• [WHAT IS REQUIRED]:
Nothing outside the stretch is wanted. Repeat exactly the lines of the listing below from the one that contains "have Ac_real : Ac \is a realmx." through the one that contains "move/eigenvalueP => [v vA vn0].", both ends included.
** RECORDS FOR THE EXERCISE follows **
(* Let $Z\in\{0,1\}^{n\times k}$ have exactly one $1$ in each row and at least one $1$ in each column, let $B\in[0,1]^{k\times k}$ be symmetric and full rank, and let $\mathscr{W}=ZBZ^T$. Let $\mathscr{D}$ be the diagonal matrix with $\mathscr{D}_{ii}=\sum_k\mathscr{W}_{ik}$ and $\mathscr{L}=\mathscr{D}^{-1/2}\mathscr{W}\mathscr{D}^{-1/2}$. Then there exists a matrix $\mu\in\mathbb{R}^{k\times k}$ such that the columns of $Z\mu$ are the eigenvectors of $\mathscr{L}$ corresponding to the nonzero eigenvalues of $\mathscr{L}$. Further, for all $i,j$, \[ z_i\mu=z_j\mu\iff z_i=z_j, \] where $z_i$ denotes the $i$th row of $Z$.
   Context: This is the population version of the Stochastic Blockmodel with $k$ blocks: $Z_{ig}=1$ means node $i$ belongs to block $g$, and $B$ contains the within- and between-block edge probabilities. *)

From HB Require Import structures.
From mathcomp Require Import all_boot all_order all_algebra.
Set Implicit Arguments. Unset Strict Implicit. Unset Printing Implicit Defensive.
Import Order.TTheory GRing.Theory Num.Theory.
Local Open Scope ring_scope.

Definition sbmW (R : rcfType) (n k : nat) (Z : 'M[R]_(n, k)) (B : 'M[R]_k)
  : 'M[R]_n := Z *m B *m Z^T.

Definition sbm_deg (R : rcfType) (n : nat) (W : 'M[R]_n) (i : 'I_n) : R :=
  \sum_(j < n) W i j.

Definition sbm_Dmhalf (R : rcfType) (n : nat) (W : 'M[R]_n) : 'M[R]_n :=
  diag_mx (\row_i (Num.sqrt (sbm_deg W i))^-1).

Definition sbmL (R : rcfType) (n : nat) (W : 'M[R]_n) : 'M[R]_n :=
  sbm_Dmhalf W *m W *m sbm_Dmhalf W.

From HB Require Import structures.
From mathcomp Require Import all_boot all_order all_algebra.
From mathcomp Require Import ring lra complex.
Import Order.TTheory GRing.Theory Num.Theory.
Local Open Scope ring_scope.

Set Implicit Arguments. Unset Strict Implicit. Unset Printing Implicit Defensive.

(* Degrees are constant on blocks, so [D^-1/2 Z = Z T] with [T] the diagonal
   of inverse square roots of the block degrees, and [L = Z T B T Z^T].  With
   [Q] the diagonal of square roots of the block sizes ([Q^2 = Z^T Z]),
   [Y = Z Q^-1] has orthonormal columns and [L = Y M Y^T] for the symmetric
   invertible matrix [M = Q T B T Q].  Diagonalising [M = U^T E U] with [U]
   orthogonal, the columns of [X = Y U^T = Z (Q^-1 U^T)] are orthonormal
   eigenvectors of [L] for the nonzero eigenvalues [E], and they span the
   range of [L].  As [Q^-1 U^T] is invertible, two rows of [X] agree exactly
   when the corresponding rows of [Z] do. *)

Section FieldMatrices.
Variable R : fieldType.

Lemma row_unitmx_neq0 n (A : 'M[R]_n) i : A \in unitmx -> row i A != 0.
Proof.
move=> Au; apply/eqP => Ai0; have := congr1 (mulmx^~ (invmx A)) Ai0.
rewrite -row_mul mulmxV // mul0mx => /rowP /(_ i); rewrite !mxE eqxx /=.
by move/eqP; rewrite oner_eq0.
Qed.

Lemma unitmx_diag n (d : 'rV[R]_n) : (diag_mx d \in unitmx) = [forall j, d 0 j != 0].
Proof.
by rewrite unitmxE det_diag unitfE; apply/prodf_neq0/forallP => [dn0 j|dn0 j _];
  exact: dn0.
Qed.

Lemma eigenvector_trmx_sub m n (L : 'M[R]_m) (X : 'M_(m, n)) C (v : 'cV_m) a :
  L = X *m C -> a != 0 -> L *m v = a *: v -> (v^T <= X^T)%MS.
Proof.
move=> LE an0 Lv.
have -> : v = X *m (a^-1 *: (C *m v)).
  by rewrite -scalemxAr mulmxA -LE Lv scalerA mulVf // scale1r.
by rewrite trmx_mul submxMl.
Qed.

End FieldMatrices.

Lemma row_mul_unitmx (R : comUnitRingType) m n (A : 'M[R]_(m, n)) (mu : 'M_n) i j :
  mu \in unitmx -> row i (A *m mu) = row j (A *m mu) <-> row i A = row j A.
Proof.
move=> muu; rewrite !row_mul; split=> [|-> //].
by move/(congr1 (mulmx^~ (invmx mu))); rewrite !mulmxK.
Qed.

Lemma orthonormal_conj_eigen (R : comUnitRingType) n k (Y : 'M[R]_(n, k))
    (M U : 'M_k) (e : 'rV_k) :
  Y^T *m Y = 1%:M -> U *m U^T = 1%:M -> U *m M *m U^T = diag_mx e ->
  (Y *m U^T)^T *m (Y *m U^T) = 1%:M /\
  (Y *m M *m Y^T) *m (Y *m U^T) = Y *m U^T *m diag_mx e.
Proof.
move=> YY UU De; have UtU : U^T *m U = 1%:M by apply: mulmx1C.
split.
  by rewrite trmx_mul trmxK mulmxA -(mulmxA _ Y^T) YY mulmx1 UU.
by rewrite -De !mulmxA -(mulmxA _ Y^T) YY mulmx1 -(mulmxA Y U^T) UtU mulmx1.
Qed.

Lemma rV_neq0_entry (V : nmodType) n (v : 'rV[V]_n) : v != 0 -> exists j, v 0 j != 0.
Proof.
move=> vn0; apply/existsP; apply: contraR vn0; rewrite negb_exists => /forallP v0.
by apply/eqP/rowP => j; rewrite mxE; apply/eqP; rewrite -[_ == _]negbK v0.
Qed.

Lemma mulmx_col_gt0 (R : numDomainType) m n (A : 'M[R]_(m, n)) (v : 'cV[R]_n) i :
  (forall j, 0 <= A i j) -> row i A != 0 -> (forall j, 0 < v j 0) ->
  0 < (A *m v) i 0.
Proof.
move=> A_ge0 /rV_neq0_entry [j]; rewrite mxE => Aij v_gt0.
rewrite mxE (bigD1 j) //= ltr_pwDl //.
  by rewrite mulr_gt0 // lt_def Aij A_ge0.
by apply: sumr_ge0 => j' _; rewrite mulr_ge0 // ltW.
Qed.

Lemma mulmx_trmx_row_gt0 (R : realDomainType) n (v : 'rV[R]_n) :
  v != 0 -> 0 < (v *m v^T) 0 0.
Proof.
move=> /rV_neq0_entry [j vj]; rewrite mxE (bigD1 j) //= ltr_pwDl //.
  by rewrite !mxE -expr2 lt_def sqrf_eq0 vj sqr_ge0.
by apply: sumr_ge0 => i _; rewrite !mxE -expr2 sqr_ge0.
Qed.

Section RealSpectral.
Variable R : rcfType.

(* A real symmetric matrix is complex Hermitian, and the eigenvalues of a
   Hermitian matrix are real. *)
Lemma symmetric_real_eigenvalue n (A : 'M[R]_n.+1) :
  A^T = A -> exists a, eigenvalue A a.
Proof.
move=> Asym.
pose f := real_complex R; pose Ac := map_mx f A.
have Ac_sym : Ac \is symmetricmx.
  rewrite is_hermitianmxE expr0 scale1r; apply/eqP/matrixP => x y.
  by rewrite !mxE -{1}Asym mxE.
have Ac_real : Ac \is a realmx.
  by apply/mxOverP => x y; rewrite mxE; apply/complex_realP; eexists.
have Ac_herm := realsym_hermsym Ac_sym Ac_real.
have d_real := hermitian_spectral_diag_real Ac_herm.
have /orthomx_spectralP AcE := hermitian_normalmx Ac_herm.
set P := spectralmx Ac in AcE; set d := spectral_diag Ac in AcE d_real.
have Pu : P \in unitmx by apply: spectral_unit.
have PAc : P *m Ac = diag_mx d *m P by rewrite {1}AcE !mulmxA mulmxV // mul1mx.
have ev : eigenvalue Ac (d 0 0).
  apply/eigenvalueP; exists (row 0 P); last exact: row_unitmx_neq0.
  by rewrite -row_mul PAc row_mul row_diag_mx -scalemxAl rowE.
exists (complex.Re (d 0 0)); move: ev; rewrite eigenvalue_root_char.
have -> : d 0 0 = f (complex.Re (d 0 0)).
  by rewrite /f RRe_real //; apply: (mxOverP d_real).
by rewrite -map_char_poly fmorph_root eigenvalue_root_char.
Qed.

Lemma eigenvalue_unit_eigenvector n (A : 'M[R]_n) a : eigenvalue A a ->
  exists u : 'rV_n, u *m u^T = 1%:M /\ u *m A = a *: u.
Proof.
move/eigenvalueP => [v vA vn0].
have s_gt0 := mulmx_trmx_row_gt0 vn0; set s := (v *m v^T) 0 0 in s_gt0.
exists ((Num.sqrt s)^-1 *: v); split; last by rewrite -scalemxAl vA !scalerA mulrC.
rewrite linearZ /= -scalemxAl -scalemxAr scalerA.
apply/matrixP => x y; rewrite !ord1 mxE [in RHS]mxE /= -/s -expr2 exprVn.
by rewrite sqr_sqrtr ?ltW // mulVf // gt_eqF.
Qed.

(* The reflection [1 - 2 w^T w / (w w^T)] through the hyperplane orthogonal
   to [w = u - e_0] swaps [e_0] and the unit vector [u]. *)
Lemma householder_reflection n (u : 'rV[R]_n.+1) : u *m u^T = 1%:M ->
  exists H : 'M_n.+1, [/\ H^T = H, H *m H = 1%:M & row 0 H = u].
Proof.
move=> uu; pose e : 'rV[R]_n.+1 := delta_mx 0 0.
have [->|ue] := eqVneq u e; first by exists 1%:M; rewrite trmx1 mulmx1 rowE mulmx1.
pose w := u - e; pose c := (w *m w^T) 0 0.
have c_neq0 : c != 0 by rewrite gt_eqF // mulmx_trmx_row_gt0 // subr_eq0.
have ww : w *m w^T = c%:M by rewrite [LHS]mx11_scalar.
have ewT : e *m w^T = (u 0 0 - 1)%:M.
  by rewrite [LHS]mx11_scalar -rowE /w /e !mxE eqxx.
have cE : c = 2 * (1 - u 0 0).
  have eeT : e *m e^T = 1%:M by rewrite [LHS]mx11_scalar -rowE !mxE eqxx.
  have ueT : u *m e^T = (u 0 0)%:M.
    by rewrite [LHS]mx11_scalar trmx_delta -colE mxE.
  have euT : e *m u^T = (u 0 0)%:M by rewrite -[LHS]trmxK trmx_mul trmxK ueT tr_scalar_mx.
  rewrite /c /w raddfB /= mulmxBl !mulmxBr uu eeT ueT euT !mxE eqxx /=; lra.
exists (1%:M - (2 / c) *: (w^T *m w)); split.
- by rewrite linearD /= trmx1 linearN linearZ /= trmx_mul trmxK.
- clearbody w c; have WW : (w^T *m w) *m (w^T *m w) = c *: (w^T *m w).
    by rewrite mulmxA -(mulmxA w^T) ww mul_mx_scalar -scalemxAl.
  rewrite mulmxBl !mulmxBr !mul1mx !mulmx1 -scalemxAr -scalemxAl WW !scalerA.
  have -> : 2 / c * (2 / c) * c = 2 / c + 2 / c by field.
  by rewrite scalerDl opprB addrK subrK.
- rewrite rowE -/e mulmxBr mulmx1 -scalemxAr mulmxA ewT mul_scalar_mx scalerA.
  have -> : 2 / c * (u 0 0 - 1) = -1.
    have u00 : 1 - u 0 0 != 0.
      by move: c_neq0; rewrite cE mulf_eq0 negb_or => /andP[].
    by rewrite cE; field.
  by rewrite scaleN1r opprK /w addrC subrK.
Qed.

Lemma orthogonal_diagonalization n (A : 'M[R]_n) : A^T = A ->
  exists U : 'M_n, U *m U^T = 1%:M /\ is_diag_mx (U *m A *m U^T).
Proof.
elim: n A => [|n IH] A Asym.
  by exists 1%:M; split; [rewrite trmx1 mulmx1 | apply/is_diag_mxP => [[]]].
have [a /eigenvalue_unit_eigenvector [u [uu uA]]] := symmetric_real_eigenvalue Asym.
have [H [Hsym HH H0]] := householder_reflection uu.
pose C : 'M_(1 + n) := H *m A *m H.
have Csym : C^T = C by rewrite /C !trmx_mul Hsym Asym mulmxA.
have C0 : forall j, C 0 j = a * (j == 0)%:R.
  move=> j; have : row 0 C = a *: row 0 (1%:M : 'M_n.+1).
    by rewrite /C !row_mul H0 uA -scalemxAl -H0 -row_mul HH.
  by move/rowP/(_ j); rewrite !mxE eq_sym.
have CE : C = H *m A *m H by [].
clearbody C.
have l0 : lshift n (0 : 'I_1) = 0 by apply/val_inj.
have Cur : ursubmx C = 0.
  by apply/matrixP => i j; rewrite !mxE ord1 l0 C0 mulr0.
have Cdl : dlsubmx C = 0.
  by apply/matrixP => i j; rewrite !mxE ord1 l0 -Csym mxE C0 mulr0.
have [U' [UU' DU']] := IH (drsubmx C) ltac:(by rewrite trmx_drsub Csym).
pose V : 'M_(1 + n) := block_mx 1%:M 0 0 U'.
have VV : V *m V^T = 1%:M.
  rewrite tr_block_mx !trmx0 trmx1 mulmx_block.
  by rewrite !mulmx0 !mul0mx !mulmx1 !addr0 !add0r UU' -scalar_mx_block.
exists (V *m H); split.
  by rewrite trmx_mul Hsym mulmxA -(mulmxA V) HH mulmx1.
have -> : V *m H *m A *m (V *m H)^T = V *m C *m V^T.
  by rewrite trmx_mul Hsym CE !mulmxA.
rewrite -[C]submxK Cur Cdl tr_block_mx !trmx0 trmx1 !mulmx_block.
rewrite !(mulmx0, mul0mx, mulmx1, mul1mx, addr0, add0r).
by rewrite (@is_diag_block_mx _ 1 n 1 n) // !eqxx mx11_is_diag DU'.
Qed.

End RealSpectral.

Section PopulationSBM.
Variables (R : rcfType) (n k : nat) (Z : 'M[R]_(n, k)) (B : 'M[R]_k).
Hypothesis Z01 : forall i j, Z i j = 0 \/ Z i j = 1.
Hypothesis Zrow : forall i : 'I_n, exists! j : 'I_k, Z i j = 1.
Hypothesis Zcol : forall j : 'I_k, exists i : 'I_n, Z i j = 1.
Hypothesis B_ge0 : forall g h, 0 <= B g h.
Hypothesis Bsym : B^T = B.
Hypothesis B_unit : B \in unitmx.

Lemma row_membership i : exists g, row i Z = delta_mx 0 g.
Proof.
have [g [Zig Zi_uniq]] := Zrow i; exists g; apply/rowP => j; rewrite !mxE.
have [->|jg] := eqVneq j g; first by rewrite Zig eqxx.
rewrite andbF; case: (Z01 i j) => // Zij.
by move: (Zi_uniq _ Zij) => /eqP; rewrite eq_sym (negbTE jg).
Qed.

Lemma membership_entryE i (g x : 'I_k) : row i Z = delta_mx 0 g -> Z i x = (x == g)%:R.
Proof. by move/rowP/(_ x); rewrite !mxE. Qed.

Lemma membership_ge0 i j : 0 <= Z i j.
Proof. by case: (Z01 i j) => ->; rewrite ?ler01. Qed.

Lemma membership_mulmxE i g m (A : 'M[R]_(k, m)) j :
  row i Z = delta_mx 0 g -> (Z *m A) i j = A g j.
Proof.
move=> Zi; have /rowP/(_ j) : row i (Z *m A) = row g A by rewrite row_mul Zi -rowE.
by rewrite !mxE.
Qed.

Definition block_sizes : 'cV[R]_k := Z^T *m const_mx 1.
Definition block_degrees : 'cV[R]_k := B *m block_sizes.
Let Q := diag_mx (\row_g Num.sqrt (block_sizes g 0)).
Let T := diag_mx (\row_g (Num.sqrt (block_degrees g 0))^-1).

Lemma block_size_gt0 g : 0 < block_sizes g 0.
Proof.
apply: mulmx_col_gt0 => [j||j]; rewrite ?mxE ?membership_ge0 ?ltr01 //.
have [i Zig] := Zcol g; apply/eqP => /rowP/(_ i); rewrite !mxE Zig.
by apply/eqP; rewrite oner_eq0.
Qed.

Lemma block_degree_gt0 g : 0 < block_degrees g 0.
Proof. by apply: mulmx_col_gt0; [|exact: row_unitmx_neq0|exact: block_size_gt0]. Qed.

Lemma trmx_membership_mul : Z^T *m Z = diag_mx block_sizes^T.
Proof.
apply/matrixP => g h; rewrite !mxE -sumrMnl; apply: eq_bigr => i _.
have [g' Zi] := row_membership i.
rewrite !mxE !(membership_entryE _ Zi) mulr1.
have [->|_] := eqVneq g g'; last by rewrite mul0r mul0rn.
by rewrite mul1r eq_sym.
Qed.

Lemma diag_sqrt_block_sizes_sqr : Q *m Q = diag_mx block_sizes^T.
Proof.
rewrite mulmx_diag; congr diag_mx; apply/rowP => g.
have := ltW (block_size_gt0 g); rewrite !mxE => s_ge0.
by rewrite -expr2 sqr_sqrtr.
Qed.

Lemma sbm_deg_membership i : sbm_deg (sbmW Z B) i = (Z *m block_degrees) i 0.
Proof.
rewrite /sbm_deg /block_degrees /block_sizes /sbmW !mulmxA [RHS]mxE.
by apply: eq_bigr => j _; rewrite [const_mx 1 j 0]mxE mulr1.
Qed.

Lemma sbm_Dmhalf_membership : sbm_Dmhalf (sbmW Z B) *m Z = Z *m T.
Proof.
apply/matrixP => i j; rewrite mul_diag_mx mul_mx_diag !mxE sbm_deg_membership.
have [g Zi] := row_membership i; rewrite (membership_mulmxE _ _ Zi).
rewrite (membership_entryE _ Zi).
have [<-|_] := eqVneq g j; last by rewrite mulr0 mul0r.
by rewrite mulr1 mul1r [block_degrees _ _]mxE.
Qed.

Lemma sbmL_membership : sbmL (sbmW Z B) = Z *m T *m B *m T *m Z^T.
Proof.
have ZtD : Z^T *m sbm_Dmhalf (sbmW Z B) = T *m Z^T.
  rewrite -[sbm_Dmhalf _]trmxK -trmx_mul /sbm_Dmhalf tr_diag_mx.
  by rewrite sbm_Dmhalf_membership trmx_mul tr_diag_mx.
by rewrite /sbmL {2}/sbmW !mulmxA sbm_Dmhalf_membership -!mulmxA ZtD.
Qed.

Lemma sbmL_normalized_factorization :
  exists N M : 'M[R]_k, [/\ N \in unitmx, M \in unitmx, M^T = M,
    (Z *m N)^T *m (Z *m N) = 1%:M
  & sbmL (sbmW Z B) = Z *m N *m M *m (Z *m N)^T].
Proof.
have Q_unit : Q \in unitmx.
  by rewrite unitmx_diag; apply/forallP => g; rewrite mxE gt_eqF ?sqrtr_gt0 ?block_size_gt0.
have T_unit : T \in unitmx.
  rewrite unitmx_diag; apply/forallP => g.
  by rewrite mxE invr_eq0 gt_eqF ?sqrtr_gt0 ?block_degree_gt0.
have Qsym : Q^T = Q by rewrite tr_diag_mx.
exists (invmx Q), (Q *m T *m B *m T *m Q); split.
- by rewrite unitmx_inv.
- by rewrite !unitmx_mul Q_unit T_unit B_unit.
- by rewrite !trmx_mul Qsym !tr_diag_mx Bsym !mulmxA.
- rewrite trmx_mul trmx_inv Qsym mulmxA -(mulmxA _ Z^T) trmx_membership_mul
  -diag_sqrt_block_sizes_sqr.
  by rewrite mulmxA mulmxK // mulVmx.
- by rewrite sbmL_membership trmx_mul trmx_inv Qsym !mulmxA mulmxKV // mulmxK.
Qed.

End PopulationSBM.

Theorem lemma3p1 (R : rcfType) (n k : nat) (Z : 'M[R]_(n, k)) (B : 'M[R]_k)
  (hZ01 : forall i j, Z i j = 0 \/ Z i j = 1)
  (hZrow : forall i : 'I_n, exists! j : 'I_k, Z i j = 1)
  (hZcol : forall j : 'I_k, exists i : 'I_n, Z i j = 1)
  (hB01 : forall g h, 0 <= B g h <= 1)
  (hBsym : B^T = B)
  (hBrank : \rank B = k) :
  let L := sbmL (sbmW Z B) in
  exists mu : 'M[R]_k,
    let X := Z *m mu in
    [/\ X^T *m X = 1%:M,
        exists lam : 'rV[R]_k,
          (forall j, lam 0 j != 0) /\ L *m X = X *m diag_mx lam,
        forall (v : 'cV[R]_n) (a : R), a != 0 -> L *m v = a *: v ->
          (v^T <= X^T)%MS
      & forall i j : 'I_n, row i X = row j X <-> row i Z = row j Z].
Proof.
move=> L.
have B_ge0 g h : 0 <= B g h by case/andP: (hB01 g h).
have B_unit : B \in unitmx by rewrite -row_free_unit /row_free hBrank.
have [N [M [N_unit M_unit Msym YY LE]]] :=
  sbmL_normalized_factorization hZ01 hZrow hZcol B_ge0 hBsym B_unit.
have [U [UU /diag_mxP [e De]]] := orthogonal_diagonalization Msym.
have U_unit : U \in unitmx by case: (mulmx1_unit UU).
have [XX LX] := orthonormal_conj_eigen YY UU De.
exists (N *m U^T) => X; have XE : X = Z *m N *m U^T by rewrite /X mulmxA.
split.
- by rewrite XE.
- exists e; split; last by rewrite /L LE XE.
  have : diag_mx e \in unitmx by rewrite -De !unitmx_mul U_unit M_unit unitmx_tr.
  by rewrite unitmx_diag => /forallP.
- move=> v a; apply: (eigenvector_trmx_sub (C := U *m M *m (Z *m N)^T)).
  by rewrite /L LE XE !mulmxA -(mulmxA _ U^T) (mulmx1C UU) mulmx1.
- by move=> i j; apply: row_mul_unitmx; rewrite unitmx_mul N_unit unitmx_tr.
Qed.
** End of RECORDS FOR THE EXERCISE **
• [YOUR RESPONSE]:
have Ac_real : Ac \is a realmx.
  by apply/mxOverP => x y; rewrite mxE; apply/complex_realP; eexists.
have Ac_herm := realsym_hermsym Ac_sym Ac_real.
have d_real := hermitian_spectral_diag_real Ac_herm.
have /orthomx_spectralP AcE := hermitian_normalmx Ac_herm.
set P := spectralmx Ac in AcE; set d := spectral_diag Ac in AcE d_real.
have Pu : P \in unitmx by apply: spectral_unit.
have PAc : P *m Ac = diag_mx d *m P by rewrite {1}AcE !mulmxA mulmxV // mul1mx.
have ev : eigenvalue Ac (d 0 0).
  apply/eigenvalueP; exists (row 0 P); last exact: row_unitmx_neq0.
  by rewrite -row_mul PAc row_mul row_diag_mx -scalemxAl rowE.
exists (complex.Re (d 0 0)); move: ev; rewrite eigenvalue_root_char.
have -> : d 0 0 = f (complex.Re (d 0 0)).
  by rewrite /f RRe_real //; apply: (mxOverP d_real).
by rewrite -map_char_poly fmorph_root eigenvalue_root_char.
Qed.

Lemma eigenvalue_unit_eigenvector n (A : 'M[R]_n) a : eigenvalue A a ->
  exists u : 'rV_n, u *m u^T = 1%:M /\ u *m A = a *: u.
Proof.
move/eigenvalueP => [v vA vn0].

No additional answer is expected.